To delve deeper into organic agriculture, we must stop and think about how
humans managed to survive before the advent of industrial chemicals and the
conventional food supply system. In the past, people didn’t farm one crop for
thousands of acres.
People practiced the age-old tradition of crop rotation to prevent soil diseases,
cover cropping to increase nitrogen in the soil and having crop variety to ensure
that one pest couldn’t wipe out a whole farm.
Farmers never used to rely on the techniques now used to grow food in industrial
agriculture. Since the technologies for these inputs – pesticides, synthetic
nitrogen fertilizers and genetically modified crops – are developed by
corporations, conventional farmers are dependent upon an outside source to
continue growing their food.
In the not-so-distant past, to say you were an organic farmer would not have
been an anomaly. All farms were organic because the technology to decimate
weeds with the spraying of a single chemical did not exist. It is strange that
“conventional farming” today equates to a relatively recent technological
application in farming, and “organic farming” signifies an ancient way of growing
food.
In the United States, it has taken a while for people – farmer and consumer alike
– to buy into the whole organic movement.

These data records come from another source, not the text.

(* Let $c>0$, $d\ge2$, $m\ge0$, and let $\phi_k$ be a nontrivial real solution bounded on $[-1,1]$ of $$\big((1-\eta)(1+\eta)^{m+\frac d2}\phi_k'(\eta)\big)'+\Big(\alpha_k-\frac{c^2(1+\eta)}{8}\Big)(1+\eta)^{m+\frac d2-1}\phi_k(\eta)=0,\qquad \eta\in(-1,1).$$ If $\alpha_k>\frac{c^2}{4}$, then $$\sup_{\eta\in[a_{m,d},1]}|\phi_k(\eta)|=|\phi_k(1)|,\qquad a_{m,d}=\frac{2m+d-2}{2m+d}.$$
   Context: This is the radial equation of ball prolate spheroidal wave functions $\psi(x)=r^m\phi_k(2r^2-1)Y(\hat x)$, where $\alpha_k=\frac14(\chi^{(m)}_k(c)-m(m+d))$ and $\chi^{(m)}_k(c)$ is the corresponding eigenvalue of $\mathcal{L}_c=-\nabla\cdot(1-\|x\|^2)\nabla-\Delta_0+c^2\|x\|^2$. *)

From Stdlib Require Import Reals.
From Coquelicot Require Import Coquelicot.
Open Scope R_scope.

Definition pexp (m d : nat) : R := INR m + INR d / 2.

Definition a_md (m d : nat) : R := (2 * INR m + INR d - 2) / (2 * INR m + INR d).

Definition radial_solution (c alpha : R) (m d : nat) (phi : R -> R) : Prop :=
  forall t, -1 < t < 1 ->
    ex_derive phi t /\
    is_derive (fun s => (1 - s) * Rpower (1 + s) (pexp m d) * Derive phi s) t
      (- ((alpha - c ^ 2 * (1 + t) / 8) * Rpower (1 + t) (pexp m d - 1) * phi t)).

From Stdlib Require Import Reals Lra.
From Coquelicot Require Import Coquelicot.
Open Scope R_scope.

(* Write [p = m + d/2] and [g = (1 - s) (1 + s)^p phi'] for the flux, so that the equation
   reads [g' = - (alpha - c^2 (1 + s)/8) (1 + s)^(p-1) phi].  With
   [H = (1 - s) (alpha - c^2 (1 + s)/8) (1 + s)^(2p-1)], positive since [alpha > c^2/4], the
   energy [phi^2 + g^2 / H] has derivative [- g^2 H' / H^2], and [H' <= 0] exactly for
   [s >= (p-1)/p = a_{m,d}]; so the energy is nondecreasing on [[a_{m,d}, 1)].  Since [phi],
   hence [g'], is bounded, [g] vanishes linearly at [1] (otherwise [phi] would grow like
   [ln (1 - s)]), while [H >= (alpha - c^2/4) (1 - s)]; hence [g^2 / H -> 0] and
   [phi(t)^2 <= lim_{s -> 1} phi(s)^2 = phi(1)^2]. *)

Lemma Rpower_gt_0 (x y : R) : 0 < Rpower x y.
Proof. apply exp_pos. Qed.

Lemma le_of_is_derive_nonneg (f df : R -> R) (x y : R) : x <= y ->
  (forall z, x <= z <= y -> is_derive f z (df z)) ->
  (forall z, x <= z <= y -> 0 <= df z) -> f x <= f y.
Proof.
intros hxy hd hpos. destruct (Req_dec x y) as [->|hne]; [lra|].
destruct (MVT_cor3 f df x y) as [z [hxz [hzy ->]]]; [lra| |].
- intros z hxz hzy. apply is_derive_Reals, hd. lra.
- assert (0 <= df z) by (apply hpos; lra). nra.
Qed.

Lemma Rabs_sub_le_of_is_derive (f df : R -> R) (x y K : R) : x <= y ->
  (forall z, x <= z <= y -> is_derive f z (df z)) ->
  (forall z, x <= z <= y -> Rabs (df z) <= K) -> Rabs (f y - f x) <= K * (y - x).
Proof.
intros hxy hd hK. destruct (Req_dec x y) as [->|hne].
{ rewrite Rminus_diag, Rabs_R0. assert (0 <= Rabs (df y)) by apply Rabs_pos.
  assert (Rabs (df y) <= K) by (apply hK; lra). nra. }
destruct (MVT_cor3 f df x y) as [z [hxz [hzy ->]]]; [lra| |].
- intros z hxz hzy. apply is_derive_Reals, hd. lra.
- replace (f x + df z * (y - x) - f x) with (df z * (y - x)) by ring.
  rewrite Rabs_mult, (Rabs_pos_eq (y - x)) by lra.
  assert (Rabs (df z) <= K) by (apply hK; lra). nra.
Qed.

Lemma filter_le_at_left_within (a b : R) : a < b ->
  filter_le (at_left b) (within (fun s => a <= s <= b) (locally b)).
Proof.
intros hab P [e he].
assert (hpos : 0 < Rmin e (b - a)) by (apply Rmin_pos; [apply cond_pos | lra]).
exists (mkposreal _ hpos); intros s hs hsb.
apply he; [|split]; [| |lra].
- apply (ball_le _ (Rmin e (b - a))); [apply Rmin_l | exact hs].
- apply Rabs_lt_between' in hs as [hs _]. pose proof (Rmin_r e (b - a)). simpl in *; lra.
Qed.

Lemma le_sq_of_left_limit (u : R -> R) (x C t : R) : t < 1 ->
  filterlim u (at_left 1) (locally (u 1)) ->
  (forall s, t < s < 1 -> x <= u s ^ 2 + C * (1 - s)) -> x <= u 1 ^ 2.
Proof.
intros ht hu hle.
assert (hlin : filterlim (fun s => C * (1 - s)) (at_left 1) (locally (C * (1 - 1)))).
{ apply (filterlim_filter_le_1 _ (filter_le_within _)).
  apply (ex_derive_continuous (fun s => C * (1 - s))); auto_derive; easy. }
assert (hsq : filterlim (fun s => u s ^ 2) (at_left 1) (locally (u 1 ^ 2))).
{ apply (filterlim_comp _ _ _ u (fun a => a ^ 2) (at_left 1) (locally (u 1)) _ hu).
  apply (ex_derive_continuous (fun a => a ^ 2)); auto_derive; easy. }
assert (hlim : filterlim (fun s => u s ^ 2 + C * (1 - s)) (at_left 1)
                 (locally (u 1 ^ 2 + C * (1 - 1))))
  by exact (filterlim_comp_2 _ _ plus hsq hlin (filterlim_plus _ _)).
rewrite Rminus_diag, Rmult_0_r, Rplus_0_r in hlim.
change (Rbar_le x (u 1 ^ 2)).
apply (filterlim_le (F := at_left 1) (fun _ => x) (fun s => u s ^ 2 + C * (1 - s))).
- exists (mkposreal _ (proj2 (Rlt_0_minus _ _) ht)); intros s hs hs1.
  apply hle; split; [|exact hs1].
  apply Rabs_lt_between' in hs as [hs _]; simpl in hs; lra.
- apply filterlim_const.
- exact hlim.
Qed.

Lemma not_bounded_of_derive_ge_inv (f df : R -> R) (t del M : R) : t < 1 -> 0 < del ->
  (forall s, t <= s < 1 -> is_derive f s (df s)) ->
  (forall s, t <= s < 1 -> del <= (1 - s) * df s) ->
  ~ (forall s, t <= s < 1 -> f s <= M).
Proof.
intros ht hdel hd hge hM.
assert (hft : f t <= M) by (apply hM; lra).
set (N := (M - f t) / del + 1).
assert (hN : 1 <= N) by (unfold N; assert (0 <= (M - f t) / del) by (apply Rdiv_le_0_compat; lra); lra).
set (s := 1 - (1 - t) * exp (- N)).
assert (hexp : exp (- N) < 1) by (rewrite <- exp_0; apply exp_increasing; lra).
assert (hexp0 : 0 < exp (- N)) by apply exp_pos.
assert (hs : t <= s < 1) by (unfold s; split; nra).
(* [f + del * ln (1 - .)] is nondecreasing, and [s] is chosen with [ln (1 - s) = ln (1 - t) - N]. *)
assert (hmono : f t + del * ln (1 - t) <= f s + del * ln (1 - s)).
{ apply (le_of_is_derive_nonneg (fun x => f x + del * ln (1 - x))
    (fun x => df x - del / (1 - x))); [lra| |].
  - intros z hz. apply (is_derive_plus f (fun x => del * ln (1 - x))); [apply hd; lra|].
    auto_derive; [lra | field; lra].
  - intros z hz. assert (del <= (1 - z) * df z) by (apply hge; lra).
    replace (df z - del / (1 - z)) with (((1 - z) * df z - del) / (1 - z)) by (field; lra).
    apply Rdiv_le_0_compat; lra. }
assert (hln : ln (1 - s) = ln (1 - t) - N).
{ unfold s. replace (1 - (1 - (1 - t) * exp (- N))) with ((1 - t) * exp (- N)) by ring.
  rewrite ln_mult, ln_exp by lra. ring. }
rewrite hln in hmono.
assert (f s <= M) by (apply hM; exact hs).
assert (del * N = M - f t + del) by (unfold N; field; lra).
nra.
Qed.

Lemma div_Rpower_2_le (p s y G : R) : 0 <= p -> -1 < s <= 1 -> 0 < G ->
  G <= Rpower (1 + s) p * y -> G / Rpower 2 p <= y.
Proof.
intros hp hs hG hle.
assert (hP : 0 < Rpower (1 + s) p) by apply Rpower_gt_0.
assert (hP2 : Rpower (1 + s) p <= Rpower 2 p) by (apply Rle_Rpower_l; lra).
assert (hy : 0 < y) by nra.
apply (Rmult_le_reg_r (Rpower 2 p)); [apply Rpower_gt_0|].
replace (G / Rpower 2 p * Rpower 2 p) with G by (field; apply Rgt_not_eq, Rpower_gt_0).
nra.
Qed.

Definition flux (p : R) (phi : R -> R) (s : R) : R :=
  (1 - s) * Rpower (1 + s) p * Derive phi s.

Lemma Rabs_flux_le (p K M t : R) (phi dg : R -> R) : 0 <= p -> -1 < t < 1 ->
  (forall s, t <= s < 1 -> ex_derive phi s /\ is_derive (flux p phi) s (dg s)) ->
  (forall s, t <= s < 1 -> Rabs (dg s) <= K) ->
  (forall s, t <= s < 1 -> Rabs (phi s) <= M) ->
  Rabs (flux p phi t) <= 2 * K * (1 - t).
Proof.
intros hp ht hd hK hM.
assert (hK0 : 0 <= K) by (apply (Rle_trans _ (Rabs (dg t))); [apply Rabs_pos | apply hK; lra]).
destruct (Rle_lt_dec (Rabs (flux p phi t)) (2 * K * (1 - t))) as [hle|hgt]; [exact hle|exfalso].
set (G := Rabs (flux p phi t)) in *.
assert (hsg : exists sg, Rabs sg = 1 /\ sg * flux p phi t = G).
{ unfold G; destruct (Rle_lt_dec 0 (flux p phi t)).
  - exists 1. rewrite Rabs_R1, Rabs_pos_eq by lra. split; [reflexivity | ring].
  - exists (-1). rewrite (Rabs_left (-1)), (Rabs_left (flux p phi t)) by lra. split; ring. }
destruct hsg as [sg [hsg1 hsgG]].
assert (hsg_half : forall s, t <= s < 1 -> G / 2 <= sg * flux p phi s).
{ intros s hs.
  assert (hlip : Rabs (flux p phi s - flux p phi t) <= K * (s - t))
    by (apply (Rabs_sub_le_of_is_derive _ dg); [lra | intros z hz; apply hd | intros z hz; apply hK]; lra).
  assert (hdist : Rabs (sg * flux p phi s - G) <= K * (1 - t)).
  { rewrite <- hsgG, <- Rmult_minus_distr_l, Rabs_mult, hsg1, Rmult_1_l. nra. }
  apply Rabs_le_between' in hdist. lra. }
apply (not_bounded_of_derive_ge_inv (fun x => sg * phi x) (fun x => sg * Derive phi x)
         t (G / (2 * Rpower 2 p)) M); [lra | | | | ].
- assert (0 < Rpower 2 p) by apply Rpower_gt_0.
  apply Rdiv_lt_0_compat; [nra | lra].
- intros s hs. apply is_derive_scal, Derive_correct, hd; exact hs.
- intros s hs.
  replace (G / (2 * Rpower 2 p)) with (G / 2 / Rpower 2 p)
    by (field; apply Rgt_not_eq, Rpower_gt_0).
  apply (div_Rpower_2_le p s); [lra | lra | nra |].
  eapply Rle_trans; [apply hsg_half, hs | right; unfold flux; ring].
- intros s hs. apply (Rle_trans _ (Rabs (sg * phi s))); [apply Rle_abs|].
  rewrite Rabs_mult, hsg1, Rmult_1_l. apply hM; exact hs.
Qed.
(* Let $X$ be a Banach lattice and let $M$ and $N$ be nonzero Banach sublattices of $X$ such that $X=M\oplus_\infty N$ and the canonical projections from $X$ onto $M$ and onto $N$ are positive operators. Let $Y$ be a strictly monotone Banach lattice. If the pair $(X,Y)$ has the Bishop-Phelps-Bollobás property for positive operators, then $Y$ is uniformly monotone.
   Context: All spaces are real. $X=M\oplus_\infty N$ means every $x\in X$ decomposes uniquely as $x=m+n$ with $m\in M$, $n\in N$, and $\Vert x\Vert=\max\{\Vert m\Vert,\Vert n\Vert\}$. An operator is positive if it maps positive elements to positive elements. A Banach lattice $Y$ is strictly monotone if $x,y\ge0$ and $y\ne0$ imply $\Vert x+y\Vert>\Vert x\Vert$. A Banach lattice $E$ is uniformly monotone if for every $\varepsilon>0$ there is $\delta(\varepsilon)>0$ such that whenever $x\in E$ with $\Vert x\Vert=1$, $y\in E$, $x,y\ge0$, and $\Vert x+y\Vert\le 1+\delta(\varepsilon)$, then $\Vert y\Vert\le\varepsilon$. For a Banach space $X$, $S_X$ is its unit sphere and $L(X,Y)$ the space of bounded operators with operator norm. A pair $(X,Y)$ of Banach lattices has the Bishop-Phelps-Bollobás property for positive operators if for every $0<\varepsilon<1$ there exists $0<\eta(\varepsilon)<\varepsilon$ such that for every positive $S\in S_{L(X,Y)}$ and every $x_0\in S_X$ with $\Vert S(x_0)\Vert>1-\eta(\varepsilon)$, there exist $u_0\in S_X$ and a positive operator $T\in S_{L(X,Y)}$ with $\Vert T(u_0)\Vert=1$, $\Vert u_0-x_0\Vert<\varepsilon$ and $\Vert T-S\Vert<\varepsilon$. *)

From mathcomp Require Import all_boot all_order all_algebra.
From mathcomp Require Import all_classical all_reals all_analysis.
Set Implicit Arguments. Unset Strict Implicit. Unset Printing Implicit Defensive.
Import Order.TTheory GRing.Theory Num.Theory.
Import numFieldNormedType.Exports.
Local Open Scope classical_set_scope.
Local Open Scope ring_scope.
(* Consider a network as described in the context with $\Delta_{ij}>0$ for all $i\ne j$, and let $r=1+\big\lfloor \max_i\theta_i/\min_{i\ne j}\Delta_{ij}\big\rfloor$. If at some spiking instant $t_n$ at least $r$ cells spike (i.e. $\#I(t_n)\ge r$), then all cells spike at $t_n$, i.e. $I(t_n)=\{1,\dots,m\}$.
   Context: Network model. Fix an integer $m\ge 2$ (the number of units, or cells). For each $i\in\{1,\dots,m\}$ the following data are given. - $X_i$ is a compact finite-dimensional smooth manifold. - $f_i$ is a continuous vector field on $X_i$. - $S_i:X_i\to\mathbb R$ is a $C^1$ function, called the satisfaction level. - $\theta_i>0$ is a constant, called the goal. These are required to satisfy: there is $v_i>0$ with $\nabla S_i(x)\cdot f_i(x)>v_i$ for every $x\in X_i$ with $S_i(x)<\theta_i$. Real interaction weights $\Delta_{ij}$ are given for $i\ne j$. The global state $\mathbf x(t)=(x_1(t),\dots,x_m(t))\in\prod_i X_i$, $t\ge 0$, evolves as follows. Spiking instants $0\le t_0<t_1<\cdots$ are the instants at which at least one cell spikes. Between consecutive spiking instants each $x_i$ evolves independently by $dx_i/dt=f_i(x_i)$. At an instant $t_n$, write $S_j(x_j(t_n^-))=\lim_{t\to t_n^-}S_j(x_j(t))$. The coalition is $I(t_n)=\bigcup_{p\ge 0}I_p(t_n)$, where: - $I_0(t_n)$ is the set of cells $i$ with $S_i(x_i(t_n^-))\ge\theta_i$; - for $p\ge1$, $I_p(t_n)$ is the set of cells $j\notin\bigcup_{k<p}I_k(t_n)$ with $S_j(x_j(t_n^-))+\sum_{k<p}\sum_{i\in I_k(t_n)}\Delta_{ij}\ge\theta_j$. The spiking instants are exactly the instants with $I_0(t_n)\neq\emptyset$, and the cells in $I(t_n)$ are said to spike at $t_n$. At $t_n$ the state jumps as follows: - for $j\in I(t_n)$, $x_j(t_n)$ is a point with $S_j(x_j(t_n))=0$; - for $j\notin I(t_n)$, $x_j(t_n)$ is a point with $S_j(x_j(t_n))=S_j(x_j(t_n^-))+\sum_{i\in I(t_n),\,i\ne j}\Delta_{ij}$. Initial states are assumed to satisfy $S_i(x_i(0))\in[0,\theta_i)$ for all $i$. The network is cooperative if $\Delta_{ij}\ge 0$ for all $i\ne j$. A cooperative network is large enough if $\sqrt m\ge 1+\frac{\max_i\theta_i}{\min_{i\ne j}\Delta_{ij}}$; in particular this requires $\Delta_{ij}>0$ for all $i\ne j$. The grand coalition is exhibited at $t_n$ if $I(t_n)=\{1,\dots,m\}$. *)

From Stdlib Require Import Reals Lra List ClassicalEpsilon ZArith Bool.
Open Scope bool_scope.
Open Scope R_scope.

(* Cells are indexed by 0, ..., m-1 (the paper's 1..m).  Satisfaction levels
   of cell i along the trajectory are abstracted as sigma i : R -> R, i.e.
   sigma i t = S_i(x_i(t)). *)

Definition Rleb (x y : R) : bool := if Rle_dec x y then true else false.

Definition sum_over (m : nat) (P : nat -> bool) (g : nat -> R) : R :=
  fold_right Rplus 0 (map g (filter P (seq 0 m))).

(* Given the set C = I_0 u ... u I_{p-1} of cells already in the coalition,
   the cells of the next level I_p (pre-spike satisfaction values s). *)
Definition next_level (m : nat) (theta : nat -> R) (Delta : nat -> nat -> R)
  (s : nat -> R) (C : nat -> bool) (j : nat) : bool :=
  Nat.ltb j m && negb (C j) &&
  Rleb (theta j) (s j + sum_over m C (fun i => Delta i j)).

Fixpoint cum (m : nat) (theta : nat -> R) (Delta : nat -> nat -> R)
  (s : nat -> R) (p : nat) : nat -> bool :=
  match p with
  | O => fun _ => false
  | S p' => fun j => cum m theta Delta s p' j ||
                     next_level m theta Delta s (cum m theta Delta s p') j
  end.

Definition level (m : nat) (theta : nat -> R) (Delta : nat -> nat -> R)
  (s : nat -> R) (p : nat) : nat -> bool :=
  next_level m theta Delta s (cum m theta Delta s p).

Definition in_coalition (m : nat) (theta : nat -> R) (Delta : nat -> nat -> R)
  (s : nat -> R) (j : nat) : Prop :=
  exists p, level m theta Delta s p j = true.

Definition in_coalitionb (m : nat) (theta : nat -> R) (Delta : nat -> nat -> R)
  (s : nat -> R) (j : nat) : bool :=
  if excluded_middle_informative (in_coalition m theta Delta s j)
  then true else false.

Definition start (t : nat -> R) (k : nat) : R :=
  match k with O => 0 | S k' => t k' end.

(* A run of the network up to (and including) the spiking instant t_n.
   t 0 < ... < t n are the first n+1 spiking instants, sigma i is the
   satisfaction level S_i(x_i(.)) of cell i, pre k i = S_i(x_i(t_k^-)). *)
Definition network_run (m : nat) (theta v : nat -> R) (Delta : nat -> nat -> R)
  (sigma : nat -> R -> R) (t : nat -> R) (pre : nat -> nat -> R) (n : nat)
  : Prop :=
  0 < t O /\
  (forall k, (k < n)%nat -> t k < t (S k)) /\
  (forall i, (i < m)%nat -> 0 <= sigma i 0 < theta i) /\
  (forall k i, (k <= n)%nat -> (i < m)%nat ->
     (* between spikes: no spiking instant, and the flow dx_i/dt = f_i(x_i)
        gives d/dt S_i(x_i) = grad S_i . f_i > v_i while S_i < theta_i *)
     (forall tau, start t k < tau < t k ->
        sigma i tau < theta i /\
        exists d, derivable_pt_lim (sigma i) tau d /\
                  (sigma i tau < theta i -> v i < d)) /\
     (* the flow starts at the post-jump state at start t k *)
     limit1_in (sigma i) (fun tau => start t k < tau < t k)
               (sigma i (start t k)) (start t k) /\
     limit1_in (sigma i) (fun tau => start t k < tau < t k)
               (pre k i) (t k) /\
     (in_coalition m theta Delta (pre k) i -> sigma i (t k) = 0) /\
     (~ in_coalition m theta Delta (pre k) i ->
        sigma i (t k) = pre k i +
          sum_over m (fun j => in_coalitionb m theta Delta (pre k) j
                               && negb (Nat.eqb j i))
                   (fun j => Delta j i))) /\
  (* t_k is a spiking instant: I_0(t_k) is nonempty *)
  (forall k, (k <= n)%nat -> exists i, (i < m)%nat /\ theta i <= pre k i).

From Coquelicot Require Import Coquelicot.
From Stdlib Require Import Reals List ZArith Lra Lia Classical Bool.
Open Scope R_scope.

(* Let C be the set of cells spiking at t_n and suppose a cell j
   does not spike.  Then j never enters the coalition, so its pre-spike level
   plus the input it receives from the cells of C stays below its goal:
       S_j(t_n^-) + sum_{i in C} Delta_ij < theta_j <= max theta.
   Every term of the sum is at least mu = min Delta, and there are at least
   r = 1 + floor(max theta / mu) of them, so the sum exceeds max theta.  Hence
   S_j(t_n^-) < 0, which is impossible: satisfaction levels never become
   negative, because between spikes they increase (positive derivative) and
   jumps either reset them to 0 or add non-negative interactions. *)

Lemma strictly_increasing_of_pos_derivative (f : R -> R) (a b : R) :
  (forall x, a < x < b -> exists d, derivable_pt_lim f x d /\ 0 < d) ->
  forall x y, a < x -> x < y -> y < b -> f x < f y.
Proof.
  intros Hder x y ax xy yb.
  apply (incr_function f (Finite a) (Finite b) (fun z => Derive f z)); simpl; auto.
  - intros z h1 h2. destruct (Hder z (conj h1 h2)) as [d [hd _]].
    apply is_derive_Reals in hd. rewrite (is_derive_unique _ _ _ hd). exact hd.
  - intros z h1 h2. destruct (Hder z (conj h1 h2)) as [d [hd hpos]].
    apply is_derive_Reals in hd. rewrite (is_derive_unique _ _ _ hd). lra.
Qed.

Lemma limit1_in_le_of_frequently (f : R -> R) (D : R -> Prop) (L x0 c : R) :
  limit1_in f D L x0 ->
  (forall delta, 0 < delta -> exists y, D y /\ R_dist y x0 < delta /\ f y <= c) ->
  L <= c.
Proof.
  intros Hlim Hfreq. apply Rnot_lt_le. intro hcL.
  destruct (Hlim (L - c)) as [delta [hdelta Hclose]]; [lra|].
  destruct (Hfreq delta hdelta) as [y [hy [hdist hfy]]].
  specialize (Hclose y (conj hy hdist)). simpl in Hclose. unfold R_dist in Hclose.
  apply Rabs_def2 in Hclose. lra.
Qed.

Lemma limit1_in_ge_of_frequently (f : R -> R) (D : R -> Prop) (L x0 c : R) :
  limit1_in f D L x0 ->
  (forall delta, 0 < delta -> exists y, D y /\ R_dist y x0 < delta /\ c <= f y) ->
  c <= L.
Proof.
  intros Hlim Hfreq.
  enough (- L <= - c) by lra.
  apply (limit1_in_le_of_frequently (fun x => - f x) D (- L) x0 (- c)).
  - exact (limit_Ropp f D L x0 Hlim).
  - intros delta hdelta. destruct (Hfreq delta hdelta) as [y [hy [hd hc]]].
    exists y. repeat split; auto. lra.
Qed.

Lemma start_value_le_left_limit (f : R -> R) (a b L : R) :
  a < b ->
  (forall x y, a < x -> x < y -> y < b -> f x < f y) ->
  limit1_in f (fun tau => a < tau < b) (f a) a ->
  limit1_in f (fun tau => a < tau < b) L b ->
  f a <= L.
Proof.
  intros hab Hincr Hstart Hend.
  set (x := (a + b) / 2).
  assert (hx : a < x < b) by (unfold x; lra).
  apply Rle_trans with (f x).
  - apply (limit1_in_le_of_frequently f _ (f a) a (f x) Hstart).
    intros delta hdelta.
    set (y := a + Rmin delta (x - a) / 2).
    assert (hpos : 0 < Rmin delta (x - a)) by (apply Rmin_pos; lra).
    assert (hle1 := Rmin_l delta (x - a)). assert (hle2 := Rmin_r delta (x - a)).
    exists y. unfold R_dist. rewrite Rabs_right by (unfold y; lra).
    repeat split; unfold y; try lra.
    left. apply Hincr; unfold y; lra.
  - apply (limit1_in_ge_of_frequently f _ L b (f x) Hend).
    intros delta hdelta.
    set (y := b - Rmin delta (b - x) / 2).
    assert (hpos : 0 < Rmin delta (b - x)) by (apply Rmin_pos; lra).
    assert (hle1 := Rmin_l delta (b - x)). assert (hle2 := Rmin_r delta (b - x)).
    exists y. unfold R_dist. rewrite Rabs_left by (unfold y; lra).
    repeat split; unfold y; try lra.
    left. apply Hincr; unfold y; lra.
Qed.

Definition sum_list (g : nat -> R) (L : list nat) : R := fold_right Rplus 0 (map g L).

Lemma sum_list_nonneg (g : nat -> R) (L : list nat) :
  (forall x, In x L -> 0 <= g x) -> 0 <= sum_list g L.
Proof.
  unfold sum_list; induction L as [|a L IH]; simpl; intros Hg; [lra|].
  assert (0 <= g a) by auto. assert (0 <= fold_right Rplus 0 (map g L)) by auto. lra.
Qed.

Lemma sum_list_remove_le (g : nat -> R) (a : nat) (L : list nat) :
  (forall x, In x L -> 0 <= g x) -> sum_list g (remove Nat.eq_dec a L) <= sum_list g L.
Proof.
  unfold sum_list; induction L as [|b L IH]; simpl; intros Hg; [lra|].
  assert (0 <= g b) by auto. specialize (IH (fun x h => Hg x (or_intror h))).
  destruct (Nat.eq_dec a b); simpl; lra.
Qed.

Lemma sum_list_remove_in (g : nat -> R) (a : nat) (L : list nat) :
  In a L -> (forall x, In x L -> 0 <= g x) ->
  g a + sum_list g (remove Nat.eq_dec a L) <= sum_list g L.
Proof.
  induction L as [|b L IH]; simpl; intros Ha Hg; [destruct Ha|].
  destruct (Nat.eq_dec a b) as [<-|hne].
  - assert (h := sum_list_remove_le g a L (fun x h => Hg x (or_intror h))).
    unfold sum_list in *; simpl; lra.
  - destruct Ha as [->|Ha]; [congruence|].
    specialize (IH Ha (fun x h => Hg x (or_intror h))). unfold sum_list in *; simpl; lra.
Qed.

Lemma sum_list_incl (g : nat -> R) (l L : list nat) :
  NoDup l -> incl l L -> (forall x, In x L -> 0 <= g x) ->
  sum_list g l <= sum_list g L.
Proof.
  revert L; induction l as [|a l IH]; intros L Hnd Hincl Hg.
  - apply sum_list_nonneg; auto.
  - inversion Hnd as [|? ? ha Hnd']; subst.
    assert (haL : In a L) by (apply Hincl; left; auto).
    assert (Hrem := sum_list_remove_in g a L haL Hg).
    assert (IHl : sum_list g l <= sum_list g (remove Nat.eq_dec a L)).
    { apply IH; auto.
      - intros x hx. apply in_in_remove; [intros ->; contradiction|]. apply Hincl; right; auto.
      - intros x hx. apply in_remove in hx. apply Hg; tauto. }
    unfold sum_list in *; simpl; lra.
Qed.

Lemma sum_list_ge_count (g : nat -> R) (l : list nat) (mu : R) :
  (forall x, In x l -> mu <= g x) -> INR (length l) * mu <= sum_list g l.
Proof.
  unfold sum_list; induction l as [|a l IH]; intros Hg; [simpl; lra|].
  assert (mu <= g a) by (apply Hg; left; reflexivity).
  assert (IHl := IH (fun x h => Hg x (or_intror h))).
  change (length (a :: l)) with (S (length l)). rewrite S_INR. simpl. lra.
Qed.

Farmers that witnessed increased yields with the application of the new chemical
technologies, starting in the 1960s with the Green Revolution, had little motive to
change to organic farming when there was no real demand.
And for some consumers, eating organic meant being a hippie and buying
vegetables with insect-eaten holes in the leaves. Nowadays however, organic is
nearly as common as conventional, with the original grassroots movement
morphing into a full-blown industry.
Residents of the United States find themselves in a situation where they can
have some sort of selection of organic produce, meats, and cheeses in most
grocery stores.
The problem, however, is that conventional agriculture is too cheaply subsidized
and does not reflect the real price of food. Organic, fair-trade and sustainable
agriculture, however, reflects the true costs put into growing food or raising
livestock. Hence, it is more expensive.
People have grown accustomed to inexpensive and quick food that neither
sustains us physically nor nourishes us mentally. People need to reevaluate what
they want to put into their body and focus on eating locally and organic.
Not only is it better for our health, but it is better for the environment. Focusing on
buying food regionally and buying what is in season can help reduce fossil fuel
dependence, as well as encourage smaller, more sustainable farms.